Остановившись и оглянувшись, он заметил вокруг себя множество забот. Не «проблем», нет, это словечко тогда было еще не в ходу. «It's your problems» — так будут говорить позже, а тогда это были просто заботы. Скажем, те же штаны, не устававшие протираться. Джинсы-куртки, шузы-сумки, очки-пакеты… В истории Отечества билось-пульсировало последнее десятилетие дефицита как социально-философского понятия. Зато водка и продукт, называвшийся портвейнами разных сортов, лились рекой.

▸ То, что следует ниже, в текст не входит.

(* Write P(t) = Σ_i Pr(X = i) Pr(Y >= i + t) and put μ = mp, ε = sqrt(ln m / μ).
   Above T = μ(1 - 5ε) consecutive binomial probabilities grow by a factor at most
   e^{40ε}, so shifting the summation index by an integer L ∈ (ℓ, ℓ + 1] changes the
   sum by a factor at most e^{40εL} <= e^{80ℓε}, up to the mass of X below T + L.
   That point lies at least 3με below the mean, so the Chernoff lower-tail bound
   makes this mass at most m^{-2}.  Comparing P(0) with P(L), and P(-L) with P(0),
   and using that P is antitone in t gives both inequalities with C = 80. *)

From Stdlib Require Import Reals Lra Lia ZArith.
Open Scope R_scope.

Fixpoint rsum (f : nat -> R) (n : nat) : R :=
  match n with O => 0 | S k => rsum f k + f k end.

Lemma rsum_eq f g n : (forall i, (i < n)%nat -> f i = g i) -> rsum f n = rsum g n.
Proof.
  induction n as [|n IH]; intros Hfg; simpl; [reflexivity|].
  rewrite IH, Hfg; [reflexivity|lia|intros; apply Hfg; lia].
Qed.

Lemma rsum_le f g n : (forall i, (i < n)%nat -> f i <= g i) -> rsum f n <= rsum g n.
Proof.
  induction n as [|n IH]; intros Hfg; simpl; [lra|].
  apply Rplus_le_compat; [apply IH; intros; apply Hfg|apply Hfg]; lia.
Qed.

Lemma rsum_zero n : rsum (fun _ => 0) n = 0.
Proof. induction n as [|n IH]; simpl; [|rewrite IH]; ring. Qed.

Lemma rsum_nonneg f n : (forall i, (i < n)%nat -> 0 <= f i) -> 0 <= rsum f n.
Proof. intros Hf. rewrite <- (rsum_zero n). apply rsum_le, Hf. Qed.

Lemma rsum_plus f g n : rsum (fun i => f i + g i) n = rsum f n + rsum g n.
Proof. induction n as [|n IH]; simpl; [|rewrite IH]; ring. Qed.

Lemma rsum_scal c f n : rsum (fun i => c * f i) n = c * rsum f n.
Proof. induction n as [|n IH]; simpl; [|rewrite IH]; ring. Qed.

Lemma rsum_split f N L : rsum f (N + L) = rsum f L + rsum (fun k => f (k + L)%nat) N.
Proof. induction N as [|N IH]; simpl; [|rewrite IH]; ring. Qed.

Lemma rsum_pad f n N : (forall i, (n <= i)%nat -> f i = 0) -> (n <= N)%nat ->
  rsum f N = rsum f n.
Proof.
  intros Hf HN. induction HN as [|N HN IH]; [reflexivity|].
  simpl. rewrite IH, (Hf N HN). ring.
Qed.

Lemma sum_f_R0_rsum f n : sum_f_R0 f n = rsum f (S n).
Proof. induction n as [|n IH]; simpl in *; [|rewrite IH]; ring. Qed.

Lemma exp_pow x n : exp x ^ n = exp (INR n * x).
Proof. rewrite <- Rpower_pow by apply exp_pos. unfold Rpower. rewrite ln_exp. reflexivity. Qed.

Lemma exp_le_mono x y : x <= y -> exp x <= exp y.
Proof. intros [Hxy|Hxy]; [left; apply exp_increasing, Hxy|right; rewrite Hxy; reflexivity]. Qed.

Lemma ratio_bound_iter (a : nat -> R) (r T : R) :
  0 <= r -> (forall j, T <= INR j -> a (S j) <= r * a j) ->
  forall L j, T <= INR j -> a (j + L)%nat <= r ^ L * a j.
Proof.
  intros Hr Hstep L. induction L as [|L IH]; intros j Hj.
  - rewrite Nat.add_0_r. simpl. lra.
  - rewrite Nat.add_succ_r. simpl pow. rewrite Rmult_assoc.
    eapply Rle_trans; [apply Hstep|apply Rmult_le_compat_l; [exact Hr|apply IH, Hj]].
    rewrite plus_INR. pose proof (pos_INR L). lra.
Qed.

Lemma rsum_shift_le (a w : nat -> R) (r T : R) (L N : nat) :
  0 <= r -> 0 <= T -> (forall i, 0 <= a i) -> (forall i, 0 <= w i <= 1) ->
  (forall j, T <= INR j -> a (j + L)%nat <= r ^ L * a j) ->
  rsum (fun i => a i * w i) (N + L) <=
    r ^ L * rsum (fun k => a k * w (k + L)%nat) N
    + rsum (fun i => if Rlt_dec (INR i) (T + INR L) then a i else 0) (N + L).
Proof.
  intros Hr HT Ha Hw Hratio.
  set (good := fun i => if Rlt_dec (INR i) (T + INR L) then 0 else a i * w i).
  assert (HrL : 0 <= r ^ L) by (apply pow_le, Hr).
  assert (Hgood : rsum good (N + L) <= r ^ L * rsum (fun k => a k * w (k + L)%nat) N).
  { rewrite rsum_split, (rsum_eq good (fun _ => 0)), rsum_zero, Rplus_0_l, <- rsum_scal.
    - apply rsum_le; intros k _. unfold good. rewrite plus_INR.
      specialize (Ha k). specialize (Hw (k + L)%nat).
      destruct Rlt_dec as [_|Hk].
      + apply Rmult_le_pos; [exact HrL|nra].
      + rewrite <- Rmult_assoc. apply Rmult_le_compat_r; [lra|]. apply Hratio. lra.
    - intros i Hi. apply lt_INR in Hi. unfold good. destruct Rlt_dec; lra. }
  eapply Rle_trans; [|apply Rplus_le_compat_r, Hgood].
  rewrite <- rsum_plus. apply rsum_le; intros i _. unfold good.
  specialize (Ha i). specialize (Hw i). destruct Rlt_dec; nra.
Qed.

Lemma C_nonneg n k : 0 <= C n k.
Proof.
  unfold C, Rdiv. apply Rmult_le_pos; [apply pos_INR|].
  left. apply Rinv_0_lt_compat, Rmult_lt_0_compat; apply INR_fact_lt_0.
Qed.

Lemma binom_pmf_nonneg n p k : 0 <= p <= 1 -> 0 <= binom_pmf n p k.
Proof.
  intros Hp. unfold binom_pmf.
  apply Rmult_le_pos; [apply Rmult_le_pos; [apply C_nonneg|]|]; apply pow_le; lra.
Qed.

Материальные заботы, заботы тела, пришлось решать путем вступления на рельсы неформальной экономики, которая неграмотно клеймилась мелким спекулянтством, но которой были заняты опять-таки все. Под жестким прессингом родителей своих родителей он поступил в институт чего-то там, а родители разошлись в год его окончания школы и разъехались по новым семьям, оставив в результате многоступенчатых обменов целую большущую комнату в квартире с одним, вечно в нетях, приличным соседом.
Ситуацией не преминуло воспользоваться буйное студенческое братство, и поэтому стройная последовательность этих лет несколько размыта. Новый год (который?), в его комнатенке человек двадцать пять, стекло хрустит под ногами, и загорелась елка. Стипендия, стипуха-мама. «Пивка для рывка, и на малину к корешку нашему!..» «Мамаша, для начала — семь по два сорок семь!» «Мужики! Ударим по пельменчикам?..» Сколько, по-вашему, на обыкновенном молодом человеке, одетом в куртку и под ней костюм, может уместиться бутылок, так чтобы снаружи было не слишком заметно? Ну, сколько, сколько?.. Фигушки — двадцать девять. Зарегистрированный факт. «Картошка» — на третий день ему проломили голову лопатой в драке с деревенскими. Девочки. Та, другая, пятая. Две сразу, любительницы. «Але? Чего делаешь? Ну, подъезжай, я тут с чуваком, нам третьей не хватает, «шведочку» разыграем…» Весело жилось.
Тесные дни были заполнены до отказа, но при том не оставляло ноющее, как зуб, ощущение какой-то неправильности собственного бытия. Ощущение лежало вне привычных, обыденных мерок. Если бы он тогда знал это слово, то назвал бы его метафизическим.
Он живет не как ему должно
Не умея пока выразить это глухое чувство словами, он прятался за штамп: это что ж, вот так проваландаюсь пять лет, там — диплом, там — работа, там — семья, в смысле пеленки-распашонки и прочее, и все?! Нет, это было явно не то.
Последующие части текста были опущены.